Location: Old Mother Idaho
29,219 posts, read 22,376,569 times
Reputation: 23858
Quote:
Originally Posted by LordSquidworth View Post
There’s literally nothing they can do to stop people from moving in and buying. Change sucks, and this is one they have no say it. Guess they shouldn’t sell their homes, but obviously enough are for enough to be moving there.
That's it exactly.
No one who wants to sell a house is complaining in Boise. No businesses are complaining about all that extra money coming in either.

I'm a lifelong Idahoan, and I've watched this this impulse to move west come and go all my life.
It's not isolated to Idaho; Idaho is only the latest Glamor Girl of the western states.

There is always one Glamor Girl state that's the place to move to when this impulse arises. 20 years ago, Oregon was the Glamor Girl. 30 years ago, it was Montana. 40 years ago, Colorado was the Glamor Girl.
In all of them there is always one city that's the most golden of all, but the glamor tarnishes more quickly for the cities than for the state.
30 years ago, Boise wasn't the golden city here. Coeur d'Alene was. 70 years ago, Pocatello was the golden city in the state.

And 60 years ago, California was the biggest Glamor Girl of them all by far.
A lot of the kids who were just older than me, and a lot of those my age I grew up with, wanted to move to California with the same intensity the Californians now want to move here. A lot of them did leave Idaho and became permanent Californians.

Every single one of these sudden growth spurts always brings the same complaints, but the complaints never stop the growth or kill the desire to move to the Glamor Girl.

What happens next is always the same too. The reasons why people want to move west are not, and are never, strictly economic.
Economics is always a part, but so are the romantic notions of striking out to the Golden West to stake your claim, or the current notion of living off the grid, or getting away from the press of humanity, or even the desire to hunt elk instead of moose. There are a hundred different reasons, some desperate, some logical, some necessary, and some completely ridiculous.

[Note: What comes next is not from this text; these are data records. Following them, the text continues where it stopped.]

(* Let $G_1,\dots,G_k$ be finite connected graphs and $G=G_1\Box G_2\Box\cdots\Box G_k$. If each distance matrix $D(G_i)$, $i=1,\dots,k$, has constant row sums, then (a) $n_-(D(G))=\sum_{i=1}^k n_-(D(G_i))$, and (b) $n_+(D(G))=1+\sum_{i=1}^k\bigl(n_+(D(G_i))-1\bigr)$.
   Context: For a connected graph $G$ with vertices $v_1,\dots,v_n$, the distance matrix $D(G)$ is the $n\times n$ matrix with $(i,j)$ entry equal to the graph distance $d(v_i,v_j)$. For a real symmetric matrix $M$, $n_+(M)$ and $n_-(M)$ denote the numbers of positive and negative eigenvalues counted with multiplicity. The Cartesian product $G_1\Box\cdots\Box G_k$ has vertex set $V(G_1)\times\cdots\times V(G_k)$, with $(x_1,\dots,x_k)$ adjacent to $(y_1,\dots,y_k)$ iff for some $j$, $x_j$ is adjacent to $y_j$ in $G_j$ and $x_i=y_i$ for all $i\ne j$. *)

From HB Require Import structures.
From mathcomp Require Import all_boot all_order all_algebra.
From mathcomp Require Import polyrcf.
Set Implicit Arguments. Unset Strict Implicit. Unset Printing Implicit Defensive.
Import Order.TTheory GRing.Theory Num.Theory.
Local Open Scope ring_scope.

Definition simple_graph (V : finType) (e : rel V) : Prop :=
  symmetric e /\ irreflexive e.

Definition connected_graph (V : finType) (e : rel V) : Prop :=
  forall x y : V, connect e x y.

Fixpoint nwalk (V : finType) (e : rel V) (n : nat) (x y : V) : bool :=
  if n is n'.+1 then [exists z, e x z && nwalk e n' z y] else x == y.

(* Graph distance: least n with a walk of length n from x to y (for a
   connected graph such n exists and is < #|V|). *)
Definition gdist (V : finType) (e : rel V) (x y : V) : nat :=
  find (fun n => nwalk e n x y) (iota 0 #|V|).

Definition distmx (R : nzRingType) (V : finType) (e : rel V) : 'M[R]_#|V| :=
  \matrix_(i, j) (gdist e (enum_val i) (enum_val j))%:R.

Definition cprod_rel (k : nat) (V : 'I_k -> finType)
  (e : forall i, rel (V i)) : rel {dffun forall i, V i} :=
  fun x y => [exists j, e j (x j) (y j) && [forall i, (i != j) ==> (x i == y i)]].

Definition n_pos (R : rcfType) (n : nat) (M : 'M[R]_n) : nat :=
  \sum_(x <- rootsR (char_poly M) | 0 < x) mup x (char_poly M).
Definition n_neg (R : rcfType) (n : nat) (M : 'M[R]_n) : nat :=
  \sum_(x <- rootsR (char_poly M) | x < 0) mup x (char_poly M).

Definition const_row_sums (R : nzRingType) (n : nat) (M : 'M[R]_n) : Prop :=
  exists c : R, forall i, \sum_j M i j = c.

(* Let D_i = D(G_i), n_i = |V(G_i)|, and t_i the common row sum of D_i, which
   is also its column sum since D_i is symmetric.  Then D_i = (t_i/n_i) J + F_i
   where F_i has zero column sums, and as distances add up over the factors of
   a Cartesian product, D(G) = c J + sum_i C_i with c = sum_i t_i/n_i and
   C_i(x, y) = F_i(x_i, y_i).  The products J C_i and C_i C_j (i <> j) vanish,
   and M N = 0 implies X^n chi(M + N) = chi(M) chi(N); hence, up to powers of X,
   chi(D(G)) = (X - c N) prod_i chi(C_i), where N = |V(G)|.  Next C_i = P F_i P^T
   for the incidence matrix P of the i-th projection, and P^T P = (N/n_i) I, so
   chi(C_i) and chi((N/n_i) F_i) agree up to powers of X, while
   X chi(D_i) = (X - t_i) chi(F_i).  Since t_i > 0 and c > 0, counting negative
   roots gives (a) and counting positive roots gives (b). *)

From HB Require Import structures.
From mathcomp Require Import all_boot all_order all_algebra.
From mathcomp Require Import polyrcf.
Import Order.TTheory GRing.Theory Num.Theory.

Set Implicit Arguments.
Unset Strict Implicit.
Unset Printing Implicit Defensive.

Section GraphDistance.
Variables (V : finType) (e : rel V).
Implicit Types x y z : V.

Lemma nwalkP n x y :
  reflect (exists p, [/\ size p = n, path e x p & last x p = y]) (nwalk e n x y).
Proof.
elim: n x => [|n IHn] x /=.
  apply: (iffP eqP) => [<-|[p [sp _ <-]]]; first by exists [::].
  by case: p sp.
apply: (iffP existsP) => [[z /andP[exz /IHn[p [sp pp lp]]]]|[p [sp pp lp]]].
  by exists (z :: p); rewrite /= sp exz pp lp.
case: p sp pp lp => [|z p] //= [sp] /andP[exz pp] lp.
by exists z; rewrite exz; apply/IHn; exists p.
Qed.

Lemma nwalk_connect n x y : nwalk e n x y -> connect e x y.
Proof. by move/nwalkP => [p [_ pp lp]]; apply/connectP; exists p. Qed.

Lemma connect_nwalk x y : connect e x y -> exists2 n, n < #|V| & nwalk e n x y.
Proof.
move/connectP => [p pp ->]; have [p' pp' up' _] := shortenP pp.
exists (size p'); last by apply/nwalkP; exists p'.
by have := max_card (mem (x :: p')); rewrite (card_uniqP up').
Qed.

Lemma nwalk_sym n x y : symmetric e -> nwalk e n x y = nwalk e n y x.
Proof.
move=> se; wlog suff: x y / nwalk e n x y -> nwalk e n y x.
  by move=> sym; apply/idP/idP; apply: sym.
move=> /nwalkP[p [sp pp lp]]; apply/nwalkP; exists (rev (belast x p)); split.
- by rewrite size_rev size_belast.
- by rewrite -lp rev_path (eq_path (e' := e)) // => a b /=; rewrite se.
- by rewrite -lp; case: (p) => //= z q; rewrite rev_cons last_rcons.
Qed.

Lemma gdist_le n x y : nwalk e n x y -> gdist e x y <= n.
Proof.
move=> wn; rewrite /gdist; have [nV|Vn] := ltnP n #|V|; last first.
  by apply: leq_trans (find_size _ _) _; rewrite size_iota.
by rewrite leqNgt; apply/negP => /(before_find 0); rewrite nth_iota // add0n wn.
Qed.

Lemma nwalk_gdist x y : connect e x y -> nwalk e (gdist e x y) x y.
Proof.
move=> /connect_nwalk[n nV wn].
have has_walk : has (fun n => nwalk e n x y) (iota 0 #|V|).
  by apply/hasP; exists n; rewrite ?mem_iota.
have := nth_find 0 has_walk.
by rewrite has_find size_iota in has_walk; rewrite nth_iota.
Qed.

Lemma gdistxx x : gdist e x x = 0.
Proof. by apply/eqP; rewrite -leqn0; apply: gdist_le; rewrite /= eqxx. Qed.

Lemma gdistC x y : symmetric e -> gdist e x y = gdist e y x.
Proof. by move=> se; apply: eq_find => n; rewrite nwalk_sym. Qed.

Lemma gdist_edge x z y :
  connect e z y -> e x z -> gdist e x y <= (gdist e z y).+1.
Proof.
move=> czy exz; apply: gdist_le => /=.
by apply/existsP; exists z; rewrite exz nwalk_gdist.
Qed.

Lemma gdist_descent x y : connect e x y -> x != y ->
  exists2 z, e x z & gdist e x y = (gdist e z y).+1.
Proof.
move=> cxy; have := nwalk_gdist cxy.
case dxy: (gdist e x y) => [|n] /=; first by move/eqP->; rewrite eqxx.
move=> /existsP[z /andP[exz wz]] _; exists z => //; apply/eqP.
by rewrite eqn_leq -{1}dxy gdist_edge ?(nwalk_connect wz) // ltnS gdist_le.
Qed.

Lemma gdist_unique (d : V -> V -> nat) y :
  d y y = 0 ->
  (forall x, x != y -> exists2 z, e x z & d x y = (d z y).+1) ->
  (forall x z, e x z -> d x y <= (d z y).+1) ->
  forall x, gdist e x y = d x y.
Proof.
move=> dyy down up.
have walk n x : d x y = n -> nwalk e n x y.
  elim: n x => [|n IHn] x /=; case: (eqVneq x y) => [->|/down[z exz ->]] //.
    by rewrite dyy.
  by move=> [dzy]; apply/existsP; exists z; rewrite exz IHn.
have le_walk n x : nwalk e n x y -> d x y <= n.
  elim: n x => [|n IHn] x /=; first by move/eqP->; rewrite dyy.
  move=> /existsP[z /andP[exz wz]].
  by apply: leq_trans (up _ _ exz) _; rewrite ltnS IHn.
move=> x; have wx := walk _ x erefl.
apply/eqP; rewrite eqn_leq gdist_le //=.
by rewrite le_walk // nwalk_gdist // (nwalk_connect wx).
Qed.

End GraphDistance.

Definition upd (k : nat) (V : 'I_k -> finType) (x : {dffun forall i, V i})
    i (y : V i) : {dffun forall i, V i} :=
  [ffun j => dfwith (fun j => x j) y j].
Arguments upd {k V} x i y.

Section CartesianProduct.
Variables (k : nat) (V : 'I_k -> finType) (e : forall i, rel (V i)).
Arguments e : clear implicits.
Local Notation X := {dffun forall i, V i}.
Implicit Types x z : X.

Lemma upd_same x i y : upd x i y i = y.
Proof. by rewrite ffunE dfwith_in. Qed.

Lemma upd_other x i y j : i != j -> upd x i y j = x j.
Proof. by move=> ij; rewrite ffunE dfwith_out. Qed.

Lemma upd_id x i : upd x i (x i) = x.
Proof.
by apply/ffunP => j; case: (eqVneq i j) => [<-|ij]; rewrite ?upd_same ?upd_other.
Qed.

Lemma upd_upd x i y y' : upd (upd x i y) i y' = upd x i y'.
Proof.
by apply/ffunP => j; case: (eqVneq i j) => [<-|ij]; rewrite ?upd_same ?upd_other.
Qed.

What always happens in these surges that's always under-considered is how many folks who move away end up going back to where they came from. Once the romance wears off, a lot of folks find they miss their old homes, families and friends, and their new place ain't as nifty as they thought it would be.

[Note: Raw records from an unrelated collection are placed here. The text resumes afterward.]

(* The base case for w1 in W1, w2 in W2 with d := b(w1, w2) != 0 (Hermitian).
   Take e in W1 orthogonal to w2 and g in W2 orthogonal to w1 but not to e, and
   put u := sc g + e with sc b(g, e) = -d.  Then v + c u is a point of X for
   every c with c sigma(c) = 1, and v := w1 + w2 lies on the line joining two
   such points. *)
Section Twist.
Variables (w1 w2 e g : V) (sc : F).
Hypotheses (W1w1 : W1 w1) (W1e : W1 e) (W2w2 : W2 w2) (W2g : W2 g)
  (fr1e : free2 w1 e) (nw2 : w2 <> 0) (ng : g <> 0)
  (ew2 : b e w2 = 0) (gw1 : b g w1 = 0) (hsc : sc * b g e = - b w1 w2)
  (sv : sing (w1 + w2)).

(* v = w1 + w2 and u are independent: the W1-components w1, e are. *)
Lemma twist_free2 : free2 (w1 + w2) (sc *: g + e).
Proof.
move=> p r h; apply: fr1e.
apply: (disjoint_sum0 vW2 D12 _ _ (_ : _ + (p *: w2 + (r * sc) *: g) = 0)).
- by apply: vW1.2 => //; apply: vsubZ.
- by apply: vW2.2 => //; apply: vsubZ.
- by rewrite -h !scalerDr scalerA [(r * sc) *: g + _]addrC addrACA.
Qed.

Lemma twist_trace : b w1 w2 + sg (b w1 w2) = 0.
Proof.
have := psingular_form sv; rewrite formDl !formDr (form_sym w1 w2).
by rewrite (max_singular_orth M1 W1w1 W1w1) (max_singular_orth M2 W2w2 W2w2) add0r addr0.
Qed.

Lemma twist_orth : b (w1 + w2) (sc *: g + e) = 0.
Proof.
rewrite formDl !formDr !formZr (max_singular_orth M1 W1w1 W1e) (max_singular_orth M2 W2w2 W2g).
by rewrite (form_symeq0 gw1) (form_symeq0 ew2) !(mulr0, addr0).
Qed.

Lemma twist_iso : b (sc *: g + e) (sc *: g + e) = 0.
Proof.
rewrite formDl !formDr !formZl !formZr.
rewrite (max_singular_orth M2 W2g W2g) (max_singular_orth M1 W1e W1e).
rewrite (form_sym g e) !mulr0 add0r addr0 -sigmaM hsc sigmaN -opprD.
by rewrite twist_trace oppr0.
Qed.

(* For c sigma(c) = 1, v + c u = (w1 + c sc g) + (w2 + c e) is the sum of two
   orthogonal points of X, each on a line of X. *)
Lemma twist_point c : c * sg c = 1 -> X ((w1 + w2) + c *: (sc *: g + e)).
Proof.
move=> hc.
have nc : c != 0 by apply/eqP => c0; move: hc; rewrite c0 mul0r => /eqP; rewrite eq_sym oner_eq0.
have nw1 := free2_neq0 fr1e; have ne := free2_neq0 (free2C fr1e).
rewrite scalerDr scalerA addrACA; apply: X_add.
- rewrite -[w1]scale1r; apply: X_line; rewrite ?oner_eq0 //.
  + exact: X1.
  + exact: X2.
  + exact: free2_W12.
  + exact: form_symeq0.
- rewrite -[w2]scale1r; apply: X_line; rewrite ?oner_eq0 //.
  + exact: X2.
  + exact: X1.
  + exact: free2C (free2_W12 W1e W2w2 ne nw2).
  + exact: form_symeq0.
- move=> p r h.
  have h' : (p *: w1 + (r * c) *: e) + ((p * (c * sc)) *: g + r *: w2) = 0.
    by rewrite -h !scalerDr !scalerA [r *: w2 + _]addrC addrACA.
  have [p0 rc0] := fr1e (disjoint_sum0 vW2 D12
    (vW1.2 _ _ _ W1w1 (vsubZ vW1 _ W1e)) (vW2.2 _ _ _ W2g (vsubZ vW2 _ W2w2)) h').
  by split=> //; move/eqP: rc0; rewrite mulf_eq0 (negbTE nc) orbF => /eqP.
- rewrite formDl !formDr !formZl !formZr (max_singular_orth M1 W1w1 W1e).
  rewrite (max_singular_orth M2 W2g W2w2).
  rewrite (_ : _ + _ = b w1 w2 + c * sg c * (sc * b g e)); last by ring.
  by rewrite hc mul1r hsc subrr.
Qed.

What happens after they show up and stay is always the same too. The golden city changes, but the state doesn't change very much. It takes a lot to make the state change. But in time, the new place becomes pretty similar to the place those newcomers left.

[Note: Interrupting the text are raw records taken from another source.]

(* Let $D\subset\mathbb{R}^2$ be a simply connected domain, let $\mu\neq\theta$ be real constants, and let $v=(v^1,v^2),\,w=(w^1,w^2)\colon D\to\mathbb{R}^2$ be smooth maps satisfying on $D$ the system $$\begin{cases} w^1_{10}v^2_{01}-w^1_{01}v^2_{10}-w^2_{10}v^1_{01}+w^2_{01}v^1_{10}=0,\\ w^2_{10}v^2_{01}-w^2_{01}v^2_{10}+w^1_{10}v^1_{01}-w^1_{01}v^1_{10}=0,\end{cases}$$ and $\det(dv)+\det(dw)\neq 0$ on $D$. Let $$\varphi(t,\alpha)=M_1(t)v(\alpha)+M_2(t)w(\alpha),\quad M_1(t)=\begin{pmatrix}\cos\mu t&-\sin\mu t\\ \sin\mu t&\cos\mu t\end{pmatrix},\ M_2(t)=\begin{pmatrix}\cos\theta t&-\sin\theta t\\ \sin\theta t&\cos\theta t\end{pmatrix}.$$ Then $\det(d\varphi^t)=\det(dv)+\det(dw)$ for all $t$ (in particular it is independent of $t$ and nonzero), and there exists a scalar function $p(t,\alpha)$ with $(d\varphi^t)^T\varphi''+\nabla_\alpha p=0$ on $D$ for all $t$; i.e. $\varphi$ is a (local) solution of the Lagrangian incompressible Euler equations.
   Context: Jet notation: for a function $f$ of $\alpha=(\alpha_1,\alpha_2)$, $f_{10}=\partial f/\partial\alpha_1$ and $f_{01}=\partial f/\partial\alpha_2$. For $\varphi(t,\alpha)=\varphi^t(\alpha)$, primes denote derivatives in $t$, $d\varphi^t$ is the Jacobian in $\alpha$, $\nabla_\alpha$ the gradient in $\alpha$. *)

From Stdlib Require Import Reals Lra.
Open Scope R_scope.

Definition open2 (D : R -> R -> Prop) : Prop :=
  forall x y, D x y -> exists e, 0 < e /\
    forall x' y', Rabs (x' - x) < e -> Rabs (y' - y) < e -> D x' y'.

Definition dist2 (p q : R * R) : R :=
  Rmax (Rabs (fst p - fst q)) (Rabs (snd p - snd q)).

Definition cont_path (g : R -> R * R) : Prop :=
  forall s, 0 <= s <= 1 -> forall eps, 0 < eps -> exists delta, 0 < delta /\
    forall s', 0 <= s' <= 1 -> Rabs (s' - s) < delta -> dist2 (g s') (g s) < eps.

Definition cont_square (H : R -> R -> R * R) : Prop :=
  forall u s, 0 <= u <= 1 -> 0 <= s <= 1 -> forall eps, 0 < eps ->
    exists delta, 0 < delta /\
    forall u' s', 0 <= u' <= 1 -> 0 <= s' <= 1 ->
      Rabs (u' - u) < delta -> Rabs (s' - s) < delta ->
      dist2 (H u' s') (H u s) < eps.

Definition path_in (D : R -> R -> Prop) (g : R -> R * R) : Prop :=
  cont_path g /\ forall s, 0 <= s <= 1 -> D (fst (g s)) (snd (g s)).

Definition domain2 (D : R -> R -> Prop) : Prop :=
  open2 D /\ (exists x y, D x y) /\
  forall x1 y1 x2 y2, D x1 y1 -> D x2 y2 ->
    exists g, path_in D g /\ g 0 = (x1, y1) /\ g 1 = (x2, y2).

Definition simply_connected_domain (D : R -> R -> Prop) : Prop :=
  domain2 D /\
  forall g, path_in D g -> g 0 = g 1 ->
    exists H : R -> R -> R * R, cont_square H /\
      (forall u s, 0 <= u <= 1 -> 0 <= s <= 1 -> D (fst (H u s)) (snd (H u s))) /\
      (forall s, 0 <= s <= 1 -> H 0 s = g s) /\
      (forall s, 0 <= s <= 1 -> H 1 s = g 0) /\
      (forall u, 0 <= u <= 1 -> H u 0 = g 0 /\ H u 1 = g 0).

Definition has_d10_at (f : R -> R -> R) (a1 a2 l : R) : Prop :=
  derivable_pt_lim (fun x => f x a2) a1 l.
Definition has_d01_at (f : R -> R -> R) (a1 a2 l : R) : Prop :=
  derivable_pt_lim (fun y => f a1 y) a2 l.

Definition is_d10_on (D : R -> R -> Prop) (f g : R -> R -> R) : Prop :=
  forall a1 a2, D a1 a2 -> has_d10_at f a1 a2 (g a1 a2).
Definition is_d01_on (D : R -> R -> Prop) (f g : R -> R -> R) : Prop :=
  forall a1 a2, D a1 a2 -> has_d01_at f a1 a2 (g a1 a2).

Definition cont_on (D : R -> R -> Prop) (f : R -> R -> R) : Prop :=
  forall a1 a2, D a1 a2 -> forall eps, 0 < eps -> exists delta, 0 < delta /\
    forall b1 b2, Rabs (b1 - a1) < delta -> Rabs (b2 - a2) < delta ->
      Rabs (f b1 b2 - f a1 a2) < eps.

Fixpoint Ck (k : nat) (D : R -> R -> Prop) (f : R -> R -> R) : Prop :=
  match k with
  | O => cont_on D f
  | S k' => cont_on D f /\ exists g1 g2, is_d10_on D f g1 /\ is_d01_on D f g2 /\
                         Ck k' D g1 /\ Ck k' D g2
  end.

Definition smooth_on (D : R -> R -> Prop) (f : R -> R -> R) : Prop :=
  forall k, Ck k D f.

Definition phi1 (mu theta : R) (v1 v2 w1 w2 : R -> R -> R) (t a1 a2 : R) : R :=
  cos (mu * t) * v1 a1 a2 - sin (mu * t) * v2 a1 a2
  + (cos (theta * t) * w1 a1 a2 - sin (theta * t) * w2 a1 a2).
Definition phi2 (mu theta : R) (v1 v2 w1 w2 : R -> R -> R) (t a1 a2 : R) : R :=
  sin (mu * t) * v1 a1 a2 + cos (mu * t) * v2 a1 a2
  + (sin (theta * t) * w1 a1 a2 + cos (theta * t) * w2 a1 a2).

Definition has_second_deriv (f : R -> R) (t l : R) : Prop :=
  exists g : R -> R, (forall s, derivable_pt_lim f s (g s)) /\ derivable_pt_lim g t l.

From Stdlib Require Import Reals Lra Lia Arith Classical ClassicalEpsilon.
From Coquelicot Require Import Coquelicot.
Open Scope R_scope.

(* The Jacobian identity is algebra: det (d phi^t) is det dv + det dw plus cos ((theta - mu) t) and
   sin ((theta - mu) t) times the two left-hand sides of the system. For the pressure,
   phi'' = - mu^2 M1 v - theta^2 M2 w and M1, M2 are rotations, so - (d phi^t)^T phi'' is the gradient of
   mu^2 |v|^2 / 2 + theta^2 |w|^2 / 2 + mu^2 (M1 v . M2 w) plus (theta^2 - mu^2) times the 1-form
   cos ((theta - mu) t) w . dv + sin ((theta - mu) t) (J w) . dv, J the rotation by a right angle.
   The system says exactly that w . dv and (J w) . dv are closed, and closed forms on a simply connected
   domain are exact.
   For the latter, corner integrals are primitives on squares inside D. Summing their increments along a
   fine partition of a path from a base point gives a potential: refinement does not change the sum, and a
   loop has sum zero because a null-homotopy, cut along a grid finer than a Lebesgue number, is a union of
   cells each lying in such a square. *)

Lemma Rabs_between_lt a u v t r :
  Rabs (u - a) < r -> Rabs (v - a) < r -> Rmin u v <= t <= Rmax u v -> Rabs (t - a) < r.
Proof.
  intros Hu Hv [H1 H2]. unfold Rmin, Rmax in *.
  apply Rabs_def2 in Hu. apply Rabs_def2 in Hv.
  destruct (Rle_dec u v); apply Rabs_def1; lra.
Qed.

Why? Because no one ever brings anything more than what they have when they packed up.

When they arrive, all they have are the same ways of living they had in the other state, and they all have the same expectations of life they had living where they lived. They come expecting to find what they already know, and that's what they will want.

So ultimately, those expectations are either met or not. When their numbers are large enough in a short time frame, I've watched cities radically change in just a few years. Sometimes to the good, sometimes to the bad.

But all the states out here are large. Most often, the changes that come to a single city don't ever change all the other cities very much. It takes a lot of immigration and time to change an entire state.

That never means things like the minimum wage will suddenly go up, or housing will suddenly become any more affordable for the poor man.

In the most beautiful places, life is often the hardest because no one can eat the scenery, and the rugged beauty out here always makes for more difficult living.

What it can mean is a man who has always been poor all his life, struggling on, trying to keep what little he got from his Daddy, who was always poor too, is suddenly wealthy selling off the old farmstead that never amounted to much in the first place.

That guy is going to either spend all that money right there and stay put. It's all he knows, and now, he can live in comfort for the first time.

Or he will move away to his own Glamor Girl state instead and spend it there. It's the place he always wanted to live.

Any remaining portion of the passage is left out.